Releases: Sydney-Informatics-Hub/geodata-harvester
v1.1.2
Release Notes: Geodata-Harvester v1.1.2
This is a minor release of Geodata-Harvester that includes only revisions to the JOSS paper. No changes have been made to the code base. This release is to be used in conjunction with the paper submitted to the Journal of Open Source Software.
Updates
Installation & Issue Reports
You can find the source code and installation instructions for Geodata-Harvester on our GitHub repository.
For any questions or issues, please refer to our issue tracker.

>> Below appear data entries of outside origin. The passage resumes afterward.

(* Let $(x^*,y^* )$ be an optimal solution of the LP relaxation of forest cover, $G^*$ the subgraph with vertex set $\{i: x^*_i>0\}$ and edge set $\{(i,j): y^*_{ij}>0\}$, and $C=(V_C,E_C)$ a connected component of $G^*$ with at least one edge. Let $e_1,\dots,e_{|E_C|}$ be the edges of $C$ in the order (nondecreasing weight) in which Kruskal's algorithm considers them when computing the minimum spanning tree $M$ of $C$, and let $T$ be the tree obtained from $M$ by deleting every degree-one vertex $i$ of $M$ with $x^*_i<1/2$ together with its incident edge. For $1\le r\le|E_C|$ let $H_r$ be the graph with edge set $E_{H_r}=\{e_1,\dots,e_r\}$ and vertex set $V_{H_r}$ the endpoints of these edges, with connected components $S^1_r,\dots,S^k_r$, and let $T^f_r$ be the graph whose edges $E_{T^f_r}$ are the edges of $S^f_r$ belonging to $T$ and whose vertices $V_{T^f_r}$ are their endpoints. Then $$\sum_{i\in V_{H_r}}x^*_i-\sum_{(i,j)\in E_{H_r}}y^*_{ij}\;\ge\;\sum_{f=1}^k\big(|V_{T^f_r}|-|E_{T^f_r}|\big).$$
   Context: Graph $G=(V,E)$ with edge weights $w:E\to[0,1]$. For $S\subseteq V$, $E(S)$ denotes the edges with both endpoints in $S$. The LP relaxation of forest cover: minimize $\sum_{i\in V}x_i-\sum_{(i,j)\in E}y_{ij}(1-w_{ij})$ subject to $x_i+x_j\ge1$ and $x_i\ge y_{ij}$, $x_j\ge y_{ij}$ for all $(i,j)\in E$; $\sum_{i\in S}x_i-\sum_{(i,j)\in E(S)}y_{ij}\ge1$ for all $S\subseteq V$ with $E(S)\ne\emptyset$; $0\le x,y\le1$. *)

From HB Require Import structures.
From mathcomp Require Import all_boot all_order all_algebra.
From mathcomp Require Import reals.
Set Implicit Arguments. Unset Strict Implicit. Unset Printing Implicit Defensive.
Import Order.TTheory GRing.Theory Num.Theory.
Local Open Scope ring_scope.

(* Graphs: vertex type V (finType); an edge is a 2-element vertex set {i,j};
   an edge set is F : {set {set V}}. *)

Section Defs.
Variable V : finType.

Definition simple_graph (E : {set {set V}}) : Prop :=
  forall e, e \in E -> #|e| = 2%N.

Definition adj (F : {set {set V}}) : rel V :=
  fun u v => (u != v) && ([set u; v] \in F).

Definition verts (F : {set {set V}}) : {set V} := \bigcup_(e in F) e.
(* Let $\Gamma,\Delta$ be finite multisets of S4 formulas and $A,B$ S4 formulas. Suppose $\mathcal T_L$ is a G3s proof of $\Gamma\supset\Delta,\Box A,\Box B$ and $\mathcal T_R$ is a G3s proof of $\Gamma\supset\Delta,\Box(A\to B),\Box B$, and let $\mathcal T$ be the G3s + $(\Box\mathrm{Cut})$ proof of $\Gamma\supset\Delta,\Box B$ obtained by combining them with a final $(\Box\mathrm{Cut})$ rule. If $\mathcal T$ is prehistoric-cycle-free (with families and prehistoric relations computed in $\mathcal T$), then there is a prehistoric-cycle-free G3s proof of $\Gamma\supset\Delta,\Box B$.
   Context: S4 formulas: $A ::= \bot \mid P \mid A_0\to A_1 \mid \Box A$ ($P$ atomic). Sequents $\Gamma\supset\Delta$ use finite multisets; $\Box\Gamma:=\{\Box C\mid C\in\Gamma\}$. G3s rules: (Ax) $P,\Gamma\supset\Delta,P$ ($P$ atomic); $(\bot\supset)$ $\bot,\Gamma\supset\Delta$; $(\to\supset)$ from $\Gamma\supset\Delta,A$ and $B,\Gamma\supset\Delta$ infer $A\to B,\Gamma\supset\Delta$; $(\supset\to)$ from $A,\Gamma\supset\Delta,B$ infer $\Gamma\supset\Delta,A\to B$; $(\Box\supset)$ from $A,\Box A,\Gamma\supset\Delta$ infer $\Box A,\Gamma\supset\Delta$; $(\supset\Box)$ from $\Box\Gamma\supset A$ infer $\Gamma',\Box\Gamma\supset\Delta',\Box A$. $(\Box\mathrm{Cut})$: from $\Gamma\supset\Delta,\Box A,\Box B$ and $\Gamma\supset\Delta,\Box(A\to B),\Box B$ infer $\Gamma\supset\Delta,\Box B$. In a rule instance, formulas of $\Gamma,\Delta,\Box\Gamma$ repeated in premise(s) and conclusion are side formulas; $\Gamma',\Delta'$ (and $\Gamma,\Delta$ in axioms) are weakening formulas; the distinguished new formula of the conclusion is the principal formula and the distinguished formulas of the premises are active formulas. Correspondence between symbol occurrences of a proof tree: a symbol occurrence in a side formula of a premise directly corresponds to the same occurrence in the same side formula of the conclusion; an active formula of a premise directly corresponds to the topmost occurrence of that formula as a subformula of the principal formula, and symbol occurrences inside it directly correspond to the same occurrences inside that subformula; for $(\Box\mathrm{Cut})$: the outermost $\Box$ of $\Box A$, of $\Box(A\to B)$, of the premise occurrences of $\Box B$ and of the conclusion $\Box B$ all correspond; the symbol occurrences of the subformula $A$ in $\Box A$ and in $\Box(A\to B)$ correspond to each other; the symbol occurrences of the subformulas $B$ (in $\Box(A\to B)$ and in the occurrences of $\Box B$) correspond to each other. Correspondence is the reflexive, symmetric, transitive closure of direct correspondence. A family is an equivalence class of $\Box$-occurrences under correspondence. Family $i$ has a prehistoric relation to family $j$, written $i\prec j$, if there is a $(\supset\Box)$ rule whose principal formula $\Box A$ has its outermost $\Box$ in family $j$ and whose premise contains an occurrence of a $\Box$ belonging to family $i$. A prehistoric cycle is a list of families $i_0,\dots,i_{n-1}$ ($n\ge1$) with $i_0\prec\cdots\prec i_{n-1}\prec i_0$; a proof is prehistoric-cycle-free if it has no prehistoric cycle. *)

From Stdlib Require Import List Arith Relations.
Import ListNotations.

Inductive form : Type :=
| Bot : form
| Var : nat -> form
| Imp : form -> form -> form
| Box : form -> form.

(* A sequent Gamma ⊃ Delta; the multisets are encoded as lists, and the
   list order is made immaterial by the structural exchange rules ExL/ExR
   below, which carry the induced (permutation) correspondence of
   occurrences. *)
Definition seqt : Type := (list form * list form)%type.

Definition swap (i : nat) (L : list form) : list form :=
  firstn i L ++ nth (S i) L Bot :: nth i L Bot :: skipn (S (S i)) L.

Inductive rule : Type :=
| Ax
| BotL
| ImpL
| ImpR
| BoxL
| BoxR : nat -> rule       (* (⊃Box), parameter = |Box Gamma|     *)
| BoxCut : form -> rule
| ExL : nat -> rule
| ExR : nat -> rule.

Inductive ptree : Type :=
| PT : rule -> seqt -> list ptree -> ptree.

Definition concl (T : ptree) : seqt := match T with PT _ s _ => s end.

(* Conventions: in the conclusion the principal formula is at the head of
   its side; in premises the active formulas are at the head. *)
Definition rule_ok (r : rule) (s : seqt) (ps : list seqt) : Prop :=
  match r with
  | Ax => ps = [] /\ exists p G D, s = (Var p :: G, Var p :: D)
  | BotL => ps = [] /\ exists G D, s = (Bot :: G, D)
  | ImpL => exists a b G D, s = (Imp a b :: G, D) /\
              ps = [(G, a :: D); (b :: G, D)]
  | ImpR => exists a b G D, s = (G, Imp a b :: D) /\ ps = [(a :: G, b :: D)]
  | BoxL => exists a G D, s = (Box a :: G, D) /\ ps = [(a :: Box a :: G, D)]
  | BoxR n => exists G W a D, length G = n /\
              s = (map Box G ++ W, Box a :: D) /\ ps = [(map Box G, [a])]
  | BoxCut a => exists G b D, s = (G, Box b :: D) /\
              ps = [(G, Box a :: Box b :: D); (G, Box (Imp a b) :: Box b :: D)]
  | ExL i => exists L R, s = (L, R) /\ S i < length L /\ ps = [(swap i L, R)]
  | ExR i => exists L R, s = (L, R) /\ S i < length R /\ ps = [(L, swap i R)]
  end.

Inductive valid : ptree -> Prop :=
| valid_PT : forall r s ts,
    rule_ok r s (map concl ts) -> Forall valid ts -> valid (PT r s ts).

Fixpoint subtree (T : ptree) (a : list nat) : option ptree :=
  match a with
  | [] => Some T
  | k :: a' => match T with
               | PT _ _ ts => match nth_error ts k with
                              | Some T' => subtree T' a'
                              | None => None
                              end
               end
  end.

(* G3s proof (plus exchange): no (Box Cut) rule anywhere *)
Definition cutfree (T : ptree) : Prop :=
  forall a r s ts, subtree T a = Some (PT r s ts) -> forall b, r <> BoxCut b.

Fixpoint subf (f : form) (p : list nat) : option form :=
  match p with
  | [] => Some f
  | k :: p' => match f, k with
               | Imp a _, 0 => subf a p'
               | Imp _ b, 1 => subf b p'
               | Box a, 0 => subf a p'
               | _, _ => None
               end
  end.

Thank you for using Geodata-Harvester!
v1.1.1
Release Notes: Geodata-Harvester v1.1.1
This minor release of Geodata-Harvester addresses two bugs identified in the previous version and provides corresponding updates to the included notebooks to reflect the fixes. We recommend all users to upgrade to this version.
Bug Fixes
-
Issue when importing an existing settings file using the widget notebook.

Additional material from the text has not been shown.